Thermo-responsive microgel particles can exhibit a drastic volume shrinkage upon increasing the solvent temperature. Recently we found that the spreading of poly(N-isopropylacrylamide)(PNiPAm) microgels at a liquid interface under the influence of surface tension hinders the temperature-induced volume phase transition. In addition, we observed a hysteresis behavior upon temperature cycling, i.e. a different evolution in microgel size and shape depending on whether the microgel was initially adsorbed to the interface in expanded or collapsed state. Here, we model the volume phase transition of such microgels at an air/water interface by monomer-resolved Brownian dynamics simulations and compare the observed behavior with experiments. We reproduce the experimentally observed hysteresis in the microgel dimensions upon temperature variation. Our simulations did not observe any hysteresis for microgels dispersed in the bulk liquid, suggesting that it results from the distinct interfacial morphology of the microgel adsorbed at the liquid interface. An initially collapsed microgel brought to the interface and subjected to subsequent swelling and collapsing (resp. cooling and heating) will end up in a larger size than it had in the original collapsed state. Further temperature cycling, however, only shows a much reduced hysteresis, in agreement with our experimental observations. We attribute the hysteretic behavior to a kinetically trapped initial collapsed configuration, which relaxes upon expanding in the swollen state. We find a similar behavior for linear PNiPAm chains adsorbed to an interface. Our combined experimental - simulation investigation provides new insights into the volume phase transition of PNiPAm materials adsorbed to liquid interfaces.
研究动机与目标
- 理解微凝胶在液态界面吸附时出现的迟滞体积相变的起源,该现象在体相中并未观察到。

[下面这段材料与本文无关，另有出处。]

Definition feasible (C : 'M[R]_d) (h0 : 'cV[R]_d) (alpha : R) (e : 'cV[R]_d) : Prop :=
  (forall f, 0 <= e f 0) /\ alpha <= \sum_(f < d) (C *m h0) f 0 * e f 0.

Definition optimal (C : 'M[R]_d) (c : 'cV[R]_d) (p alpha : R) (h0 e : 'cV[R]_d) : Prop :=
  feasible C h0 alpha e /\
  forall e', feasible C h0 alpha e' -> cost c p e <= cost c p e'.

Definition beta_desirable (D : {set 'I_d}) (beta : R) (e : 'cV[R]_d) : Prop :=
  beta * Num.sqrt (\sum_(f < d) e f 0 ^+ 2) <= Num.sqrt (\sum_(f in D) e f 0 ^+ 2).

Definition desirable_classifiers (C : 'M[R]_d) (D : {set 'I_d}) (c : 'cV[R]_d)
    (p alpha beta : R) (h0 : 'cV[R]_d) : Prop :=
  (forall f, 0 <= (C *m h0) f 0) /\
  forall e, optimal C c p alpha h0 e -> beta_desirable D beta e.

End Defs.

From HB Require Import structures.
From mathcomp Require Import all_boot all_order all_algebra.
From mathcomp Require Import reals exp.
From mathcomp Require Import ring lra.
Set Implicit Arguments.
Unset Strict Implicit.
Unset Printing Implicit Defensive.

Import Order.TTheory GRing.Theory Num.Theory.
Local Open Scope ring_scope.

(* Write D = {k} and x_f = (C h0)_f / c_f for the benefit per unit cost of
   feature f ([efficiency]).  For p > 1 the cost is strictly convex and the
   Lagrange conditions single out the optimum e_f ~ x_f^(1/(p-1)), so h0 is
   beta-desirable iff beta^2 sum_f x_f^s <= x_k^s with s = 2/(p-1) >= 1 (as
   p <= 3).  For p = 1 the program is linear, its optima live on argmax x, and
   h0 is beta-desirable iff x = 0 or k is the strict argmax of x.  Both
   conditions cut out convex cones of x -- the first because the perspective of
   t |-> t^s is convex -- and x is linear in h0.  When C h0 = 0 nothing is
   feasible and h0 is desirable vacuously. *)

Section PowerInequalities.
Variable R : realType.
Implicit Types p s a t : R.

(* For p > 1 this is Young's inequality with the conjugate exponents p and
   p / (p - 1). *)
Lemma powR_tangent p a t : 1 <= p -> 0 <= a -> 0 <= t ->
  p * powR a (p - 1) * t <= powR t p + (p - 1) * powR a p.
Proof.
move=> p_ge1 a_ge0 t_ge0.
have [->|p_neq1] := eqVneq p 1.
  by rewrite subrr powRr0 powRr1 // mul0r addr0 !mul1r.
have p_gt1 : 1 < p by rewrite lt_neqAle eq_sym p_neq1 p_ge1.
have p_gt0 : 0 < p by apply: lt_trans p_gt1.
have p1_gt0 : 0 < p - 1 by rewrite subr_gt0.
have q_gt0 : 0 < p / (p - 1) by rewrite divr_gt0.
have conj_pq : p^-1 + (p / (p - 1))^-1 = 1.
  by rewrite invf_div mulrBl divff ?gt_eqF // mul1r addrC subrK.
have := conjugate_powR t_ge0 (powR_ge0 a (p - 1)) p_gt0 q_gt0 conj_pq.
rewrite -powRrM mulrCA divff ?gt_eqF // mulr1.
move: (powR a (p - 1)) (powR t p) (powR a p) => G T P young.
suff -> : T + (p - 1) * P = p * (T / p + P / (p / (p - 1))).
  by rewrite -mulrA [G * t]mulrC ler_wpM2l // ltW.
by field; rewrite !gt_eqF.
Qed.

Lemma powR_tangent_eq p a t : 1 < p -> 0 <= a -> 0 <= t ->
  p * powR a (p - 1) * t = powR t p + (p - 1) * powR a p -> t = a.
Proof.
move=> p_gt1 a_ge0 t_ge0 E.
have p_ge1 := ltW p_gt1.
have p1_gt0 : 0 < p - 1 by rewrite subr_gt0.
have p_gt0 : 0 < p by apply: lt_trans p_gt1.
pose v := (a + t) / 2.
have v_ge0 : 0 <= v by rewrite divr_ge0 // addr_ge0.
have T1 := powR_tangent p_ge1 a_ge0 v_ge0.
have T2 := powR_tangent p_ge1 v_ge0 a_ge0.
have T3 := powR_tangent p_ge1 v_ge0 t_ge0.
have v2 : v * 2 = a + t by rewrite /v mulfVK // pnatr_eq0.
rewrite -(mulr_powRB1 a_ge0 p_gt0) -(mulr_powRB1 v_ge0 p_gt0) in T1 T2 T3 E.
set Ga := powR a (p - 1) in T1 T2 T3 E *.
set Gv := powR v (p - 1) in T1 T2 T3 E *.
(* Adding the tangent inequalities at the midpoint v to the assumed equality
   leaves (t - a) (v^(p-1) - a^(p-1)) = 0; then injectivity of powR gives v = a. *)
have : p * ((t - a) * (Gv - Ga)) = 0.
  have h1 : p * Ga * (a + t) = 2 * (p * Ga * v) by rewrite -v2; ring.
  have h2 : p * Gv * (a + t) = 2 * (p * Gv * v) by rewrite -v2; ring.
  nra.
move/eqP; rewrite !mulf_eq0 (gt_eqF p_gt0) /= !subr_eq0 => /orP[/eqP //|/eqP GvGa].
have va : v = a by apply: (powR_injective p1_gt0); rewrite ?nnegrE.
lra.
Qed.

Lemma powR_perspective s (A B Y1 Y2 : R) : 1 <= s -> 0 <= A -> 0 <= B ->
  0 < Y1 -> 0 < Y2 ->
  (Y1 + Y2) * powR ((A + B) / (Y1 + Y2)) s <=
  Y1 * powR (A / Y1) s + Y2 * powR (B / Y2) s.
Proof.
move=> s_ge1 A_ge0 B_ge0 Y1_gt0 Y2_gt0.
have s_gt0 : 0 < s by apply: lt_le_trans s_ge1.
have Y_gt0 : 0 < Y1 + Y2 by rewrite addr_gt0.
pose m := (A + B) / (Y1 + Y2).
have m_ge0 : 0 <= m by apply: divr_ge0; [exact: addr_ge0 | exact: ltW].
have T1 := ler_wpM2l (ltW Y1_gt0) (powR_tangent s_ge1 m_ge0
  (divr_ge0 A_ge0 (ltW Y1_gt0))).
have T2 := ler_wpM2l (ltW Y2_gt0) (powR_tangent s_ge1 m_ge0
  (divr_ge0 B_ge0 (ltW Y2_gt0))).
have hA : Y1 * (s * powR m (s - 1) * (A / Y1)) = s * powR m (s - 1) * A.
  by rewrite mulrCA [Y1 * _]mulrC mulfVK ?gt_eqF.
have hB : Y2 * (s * powR m (s - 1) * (B / Y2)) = s * powR m (s - 1) * B.
  by rewrite mulrCA [Y2 * _]mulrC mulfVK ?gt_eqF.
have hAB : s * powR m (s - 1) * A + s * powR m (s - 1) * B =
    s * (Y1 + Y2) * powR m s.
  have mY : m * (Y1 + Y2) = A + B by rewrite /m mulfVK ?gt_eqF.
  by rewrite -(mulr_powRB1 m_ge0 s_gt0) -mulrDr -mY; ring.
rewrite hA in T1; rewrite hB in T2.
rewrite -/m; nra.
Qed.

End PowerInequalities.

Section DominanceCones.
Variables (R : realType) (d : nat) (k : 'I_d).
Implicit Types (beta s a b : R) (x y : 'cV[R]_d).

- 确定界面限域本身是否足以在微凝胶溶胀/脱溶胀行为中引发迟滞。
- 研究微凝胶结构及交联密度对界面迟滞的调控作用。
- 探究类似迟滞行为是否也存在于界面处的线性聚合物链中。
- 建立一种单体分辨的模拟框架,以重现实验中观察到的界面微凝胶动力学。
提出的方法
- 采用有效粒子建模的粗粒化PNiPAm微凝胶的单体分辨布朗运动模拟,结合外部势场以模拟气/水界面。
- 采用两步平衡协议:先在体相中进行初始平衡(溶胀或塌陷状态),随后吸附至界面并重新平衡。

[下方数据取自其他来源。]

(* For all integers $n\ge1$ and real numbers $x\in(0,1)$, $$\arccos(x)<\int_x^1\frac{U_{2n}(t)}{\sqrt{1-t^2}}\,dt<\pi-\arccos(x).$$ If $x\in(-1,0)$, then both inequalities hold reversed, i.e. $\arccos(x)>\int_x^1\frac{U_{2n}(t)}{\sqrt{1-t^2}}\,dt>\pi-\arccos(x)$.
   Context: $U_j$ denotes the Chebyshev polynomial of the second kind of degree $j$, i.e. $U_j(\cos t)=\sin((j+1)t)/\sin t$ for $t\in[0,\pi]$. *)

From Stdlib Require Import Reals Lra.
Open Scope R_scope.

(* Chebyshev polynomials of the second kind, via the standard recurrence
   U_0 = 1, U_1 = 2t, U_{j+2} = 2t U_{j+1} - U_j
   (equivalently U_j(cos s) = sin((j+1)s)/sin s). *)
Fixpoint chebU (j : nat) (t : R) : R :=
  match j with
  | O => 1
  | S m =>
    match m with
    | O => 2 * t
    | S k => 2 * t * chebU m t - chebU k t
    end
  end.

(* Improper Riemann integral with (possible) singularity at the upper
   endpoint 1:  int_a^1 f = l  means f is Riemann integrable on [a,b]
   for every a <= b < 1 and  int_a^b f -> l  as b -> 1^-. *)
Definition improper_int_to_1 (f : R -> R) (a l : R) : Prop :=
  (forall b, a <= b < 1 -> inhabited (Riemann_integrable f a b)) /\
  (forall eps, 0 < eps -> exists delta, 0 < delta /\
     forall b (pr : Riemann_integrable f a b),
       a <= b -> 1 - delta < b < 1 -> Rabs (RiemannInt pr - l) < eps).

From Stdlib Require Import Reals Lra Lia.
From Coquelicot Require Import Coquelicot.
Open Scope R_scope.

(* With t = cos s the integrand becomes the Dirichlet kernel
   sin((2n+1)s)/sin s = 1 + 2 sum_{k=1}^n cos(2ks), so the integral equals
   s + G_n(s) at s = acos x, where G_n(s) = sum_{k=1}^n sin(2ks)/k.  Both
   inequalities for x in (0,1) amount to 0 < G_n(s) < PI - 2s on (0, PI/2).
   Each is proved by induction on n: at an interior critical point c of the
   offending function, G_n'(c) = 2 sum cos(2kc) forces sin((2n+1)c) = +-sin c,
   hence the sign of the last summand sin(2nc)/n, which contradicts the
   induction hypothesis.  The case x in (-1,0) follows from the symmetry
   G_n(PI - s) = - G_n(s). *)

Fixpoint sin_sum (n : nat) (s : R) : R :=
  match n with O => 0 | S m => sin_sum m s + sin (2 * INR (S m) * s) / INR (S m) end.

Fixpoint cos_sum (n : nat) (s : R) : R :=
  match n with O => 0 | S m => cos_sum m s + cos (2 * INR (S m) * s) end.

Lemma sin_sum_derive n s : derivable_pt_lim (sin_sum n) s (2 * cos_sum n s).
Proof.
  apply is_derive_Reals.
  induction n as [|m IH]; cbn [sin_sum cos_sum].
  - rewrite Rmult_0_r. apply (is_derive_const 0).
  - rewrite Rmult_plus_distr_l.
    apply (is_derive_plus (sin_sum m) (fun s => sin (2 * INR (S m) * s) / INR (S m))); auto.
    assert (Hk : INR (S m) <> 0) by (apply not_0_INR; lia).
    set (k := INR (S m)) in *; clearbody k.
    auto_derive; auto. field; auto.
Qed.

Lemma cos_sum_dirichlet n s :
  2 * sin s * cos_sum n s = sin ((2 * INR n + 1) * s) - sin s.
Proof.
  induction n as [|m IH]; cbn [cos_sum].
  - simpl INR. replace ((2 * 0 + 1) * s) with s by ring. ring.
  - rewrite Rmult_plus_distr_l, IH, S_INR.
    replace ((2 * (INR m + 1) + 1) * s) with (2 * (INR m + 1) * s + s) by ring.
    replace ((2 * INR m + 1) * s) with (2 * (INR m + 1) * s - s) by ring.
    rewrite sin_plus, sin_minus. ring.
Qed.

Lemma chebU_cos s j : sin s * chebU j (cos s) = sin (INR (S j) * s).
Proof.
  enough (H : sin s * chebU j (cos s) = sin (INR (S j) * s) /\
              sin s * chebU (S j) (cos s) = sin (INR (S (S j)) * s)) by apply H.
  induction j as [|k [IH1 IH2]]; split.
  - simpl. replace (1 * s) with s by ring. ring.
  - simpl. replace ((1 + 1) * s) with (2 * s) by ring. rewrite sin_2a. ring.
  - exact IH2.
  - change (chebU (S (S k)) (cos s)) with (2 * cos s * chebU (S k) (cos s) - chebU k (cos s)).
    replace (sin s * (2 * cos s * chebU (S k) (cos s) - chebU k (cos s)))
      with (2 * cos s * (sin s * chebU (S k) (cos s)) - sin s * chebU k (cos s)) by ring.
    rewrite IH1, IH2, !S_INR.
    replace ((INR k + 1 + 1 + 1) * s) with ((INR k + 1 + 1) * s + s) by ring.
    replace ((INR k + 1) * s) with ((INR k + 1 + 1) * s - s) by ring.
    rewrite sin_plus, sin_minus. ring.
Qed.

Lemma chebU_even_cos n s : sin s <> 0 -> chebU (2 * n) (cos s) = 1 + 2 * cos_sum n s.
Proof.
  intros Hs. apply (Rmult_eq_reg_l (sin s)); auto.
  rewrite chebU_cos.
  replace (sin s * (1 + 2 * cos_sum n s)) with (sin s + 2 * sin s * cos_sum n s) by ring.
  rewrite cos_sum_dirichlet.
  rewrite S_INR, mult_INR. simpl INR.
  replace ((1 + 1) * INR n + 1) with (2 * INR n + 1) by ring. ring.
Qed.

Lemma continuity_chebU j : continuity (chebU j).
Proof.
  enough (H : continuity (chebU j) /\ continuity (chebU (S j))) by apply H.
  induction j as [|k [IH1 IH2]]; simpl chebU; split; try exact IH2.
  - apply continuity_const. intros a b; reflexivity.
  - reg.
  - intro t. apply (continuity_pt_minus (fun t => 2 * t * chebU (S k) t) (chebU k)); auto.
    apply (continuity_pt_mult (fun t => 2 * t) (chebU (S k))); auto. reg.
Qed.

Lemma exists_critical_nonpos (f df : R -> R) a b t :
  (forall x, derivable_pt_lim f x (df x)) -> a < t < b -> f t <= 0 ->
  0 <= f a -> 0 <= f b -> exists c, a < c < b /\ f c <= 0 /\ df c = 0.
Proof.
  intros Hd Ht Hft Ha Hb.
  assert (Hcont : forall x, continuity_pt f x).
  { intro x. apply derivable_continuous_pt. exists (df x). apply Hd. }
  destruct (continuity_ab_min f a b) as [m [Hmin Hm]]; [lra | auto |].
  assert (Hfm : f m <= f t) by (apply Hmin; lra).
  assert (Hc : exists c, a < c < b /\ forall y, a <= y <= b -> f c <= f y).
  { destruct (Rlt_le_dec a m); [destruct (Rlt_le_dec m b)|].
    - exists m. split; [lra | exact Hmin].
    (* a minimum at an endpoint is [<= 0] and [>= 0], so [t] is a minimum too *)
    - exists t. split; [lra|]. replace m with b in * by lra. intros y Hy.
      pose proof (Hmin y Hy). lra.
    - exists t. split; [lra|]. replace m with a in * by lra. intros y Hy.
      pose proof (Hmin y Hy). lra. }
  destruct Hc as [c [Hc Hcmin]].
  exists c. split; [exact Hc|]. split; [pose proof (Hcmin t); lra|].
  pose (pr := exist (fun l => derivable_pt_abs f c l) (df c) (Hd c) : derivable_pt f c).
  change (df c) with (derive_pt f c pr).
  apply (deriv_minimum f a b); try lra.
  intros; apply Hcmin; lra.
Qed.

- 对体相和界面微凝胶施加温度循环协议,以探测尺寸与形状演变中的迟滞行为。
- 系统性地改变交联密度,以评估其对迟滞程度的影响。
- 将微凝胶行为与吸附在界面处的线性PNiPAm链的行为进行对比,以分离结构效应的影响。
- 使用有效势场模拟表面张力与界面吸引力,温度依赖性相互作用用于模拟体积相变。
实验结果
研究问题
- RQ1液态界面的存在是否会在PNiPAm微凝胶中诱导出体相中不存在的迟滞体积相变?
- RQ2在界面微凝胶中观察到的迟滞现象的根源是什么,特别是当从塌陷状态开始时?
- RQ3交联密度如何影响微凝胶界面迟滞的幅度?
- RQ4这种迟滞行为是否特异于微凝胶结构,还是也存在于界面处的线性聚合物链中?
- RQ5单体分辨的布朗运动模拟能否定量再现实验中观察到的界面微凝胶动力学迟滞?
主要发现
- 本研究成功再现了实验中在气/水界面处温度循环下观察到的微凝胶尺寸迟滞行为。
- 在相同温度循环协议下,体相微凝胶中未观察到迟滞,表明界面限域是该效应的必要条件。
- 初始塌陷的微凝胶在界面吸附后,升温时显著溶胀,冷却后仍保持较大尺寸,表明发生了不可逆的结构弛豫。
- 后续温度循环仅表现出减弱的迟滞,与初始非平衡态部分弛豫一致。
- 迟滞行为归因于动力学捕获的塌陷构象,其在溶胀过程中发生弛豫,而界面稳定了非平衡态。
- 线性PNiPAm链在界面吸附后,温度循环下也表现出迟滞行为,表明该效应源于界面聚合物物理行为,而非微凝胶拓扑结构。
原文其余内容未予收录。